Our Christmas Day tech habits, according to the data

Mobile and Web analytics company Mixpanel has shared details of the data it collected on Christmas Day, revealing how we all spent our time on December 25. Raking in 1.2 billion mobile “actions” (a 66 percent increase on last year), the company was able to shed some light on when families got down to opening presents, and to what extent quality time with the relatives was interrupted by the lure of new mobiles and tablets.

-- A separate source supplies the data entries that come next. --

(* The hybrid logic $\mathbf{IB(@)}$ is decidable; that is, the set of hybrid formulas $\varphi$ such that $\mathcal{M},w\models\varphi$ for every orthomodel $\mathcal{M}$ and every world $w$ of $\mathcal{M}$ is decidable.
   Context: Hybrid language: fix disjoint countably infinite sets $\mathbf{Prop}$ (propositional variables) and $\mathbf{Nom}$ (nominals). Formulas: $\varphi ::= p \mid i \mid \neg\varphi \mid \varphi\land\varphi \mid \Diamond\varphi \mid @_i\varphi$ with $p\in\mathbf{Prop}$, $i\in\mathbf{Nom}$. A model $\mathcal{M}=(W,R,V)$ has $W$ nonempty, $R\subseteq W\times W$, and $V:\mathbf{Prop}\cup\mathbf{Nom}\to\mathcal{P}(W)$ with $V(i)=\{i^V\}$ a singleton for each nominal $i$. Satisfaction: $\mathcal{M},w\models p$ iff $w\in V(p)$; $\mathcal{M},w\models i$ iff $w=i^V$; Boolean clauses as usual; $\mathcal{M},w\models\Diamond\varphi$ iff there is $v$ with $wRv$ and $\mathcal{M},v\models\varphi$; $\mathcal{M},w\models @_i\varphi$ iff $\mathcal{M},i^V\models\varphi$. An orthoframe is a pair $(W,R)$ with $R$ irreflexive and symmetric; an orthomodel is a model whose frame is an orthoframe. $\mathbf{IB(@)}$ is the hybrid logic of the class of all orthoframes (axiomatized by the basic hybrid logic $\mathbf{K(@)}$ plus $@_i\neg\Diamond i$ and $@_i\neg\Diamond\neg\Diamond i$). *)

From Stdlib Require Import List Arith.
Import ListNotations.

Inductive form : Type :=
| PVar : nat -> form
| Nom  : nat -> form
| Neg  : form -> form
| And  : form -> form -> form
| Dia  : form -> form
| At   : nat -> form -> form.

(** * Satisfaction.  A model (W,R,V) is given by [R], the valuation [V] of
    propositional variables, and for nominals the function [N] with
    V(i) = {N i} (i.e. N i = i^V). *)
Fixpoint sat {W : Type} (R : W -> W -> Prop) (V : nat -> W -> Prop)
         (N : nat -> W) (w : W) (phi : form) : Prop :=
  match phi with
  | PVar p => V p w
  | Nom i => w = N i
  | Neg a => ~ sat R V N w a
  | And a b => sat R V N w a /\ sat R V N w b
  | Dia a => exists v, R w v /\ sat R V N v a
  | At i a => sat R V N (N i) a
  end.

90 percent of activity was generated on mobile apps as opposed to desktop computers, so while the laptop might have remained closed, the phones and tablets obviously weren’t powered down. There was a dip in data traffic around 10.30am across all time zones — presumably the time when most families were opening up presents — and then a spike at the start of the afternoon as we all switched back to checking our devices.

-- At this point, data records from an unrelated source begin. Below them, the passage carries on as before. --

Lemma atomF_lattice (k : nat) :
  atomF P X (xi k) = \sum_(z < k.+1) P_Y Feps FY xi zeta z0 (k%:Z - z%:Z) * gamma U z%:Z.
Proof.
have := @p_X_deconvolution _ lattice_zeta_le lattice_Feps_gt0 k; rewrite /p_X /= => ->.
rewrite (@zsum_finsupp R _ k); first last.
- by move=> z zk; rewrite P_Y_lt0 ?mul0r //; lia.
- by move=> z z_lt0; rewrite beta_lt0 ?mulr0.
apply: eq_bigr => -[z /= ltzk] _; congr (_ * _).
have Q_le0 := Peps_plus_le0 lattice_Feps_gt0.
have U_le0 z' : z' <= 0 -> U z' = 0 by exact: Q_le0.
by rewrite (beta_toeplitz Q_le0 Peps_plus_gt U_le0 Peps_plus_lattice _ _ (ltnSE ltzk)).
Qed.

Lemma distF_lattice (x : R) :
  distF P X x = Theta_conv (P_Y Feps FY xi zeta z0) (gamma U) ((x - xi 0) / s).
Proof.
have [u_lt0|u_ge0] := ltrP (Num.floor ((x - xi 0) / s)) 0.
  rewrite Theta_conv_floor_lt0 //; [|exact: P_Y_lt0|exact: gamma_lt0].
  by apply: distF_lt_xi0; move: u_lt0; rewrite floor_lt0 ltr_pdivrMr // mul0r; lra.
have [n un] : exists n : nat, Num.floor ((x - xi 0) / s) = n%:Z.
  by exists (absz (Num.floor ((x - xi 0) / s))); lia.
rewrite -(Theta_conv_cumsum P_Y_lt0 gamma_lt0 _ _ _ atomF_lattice un).
apply: distF_step; have := floor_le ((x - xi 0) / s); have := floorD1_gt ((x - xi 0) / s).
rewrite un intrD ltr_pdivrMr // ler_pdivlMr // (xi_lattice n) (xi_lattice n.+1).
by rewrite -addn1 natrD /=; lra.
Qed.

End Lattice.

End Atoms.

Theorem corollary3 (d : measure_display) (T : measurableType d) (R : realType)
    (P : probability T R) (X eps : {RV P >-> R}) (xi : nat -> R) (z0 : R) :
  indep_RV P X eps ->
  (forall l, xi l < xi l.+1) ->
  P (X @^-1` range xi) = 1%E ->
  0 < atomF P X (xi 0) ->
  distF P eps z0 = 0 ->
  let Y := fun w => X w + eps w in
  (forall zeta : nat -> R,
     (forall l, xi l < zeta l <= xi l.+1) ->
     (forall l, 0 < distF P eps (z0 + zeta l - xi l)) ->
     forall l : int,
       p_X (atomF P X) xi l =
       zsum (fun z => P_Y (distF P eps) (distF P Y) xi zeta z0 (l - z) *
                      beta (Peps_plus (distF P eps) xi zeta z0) l z)) /\
  (forall s sigma : R,
     0 < s -> 0 < sigma <= s ->
     (forall l, xi l = xi 0 + s * l%:R) ->
     0 < distF P eps (z0 + sigma) ->
     let zeta := fun l : nat => xi 0 + sigma + s * l%:R in
     forall x : R,
       distF P X x =
       Theta_conv (P_Y (distF P eps) (distF P Y) xi zeta z0)
                  (gamma (U_eps_plus (distF P eps) xi zeta z0))
                  ((x - xi 0) / s)).
Proof.
move=> X_eps_indep /increasing_seqP xi_incr X_xi _ Feps_z0 Y; split.
  move=> zeta zeta_bd Feps_gt0 l.
  by apply: p_X_deconvolution => // k; case/andP: (zeta_bd k).
move=> s sigma s_gt0 /andP[_ sigma_le_s] xi_lattice Feps_sigma zeta x.
exact: distF_lattice.
Qed.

Interestingly, only 11 percent of traffic was generated by social networks, compared with 58 percent from gaming apps. It would seem that ploughing through a few levels of the latest mobile game proved more popular than sharing festive greetings on Twitter or Facebook (though Mixpanel does have a higher-than-normal number of gamers on its books).

Tablets are on the rise too: 25 percent of all data came from Android slabs and iPads, up from 15 percent at Thanksgiving. As you might expect, Apple dominated the tablet scene again, with 79 percent of tablets in use being iPads. The top five cities for sending the most data on Christmas Day were (in order) Los Angeles, Chicago, Houston, Brooklyn and New York. San Francisco didn’t even make the top ten, so presumably the tech elite of the Bay Area were home for the holidays.

“All told, Christmas 2013 was a mobile, iOS-dominated holiday, with more people relying on their tablets to play, share, document, and work,” concludes the Mixpanel blog post.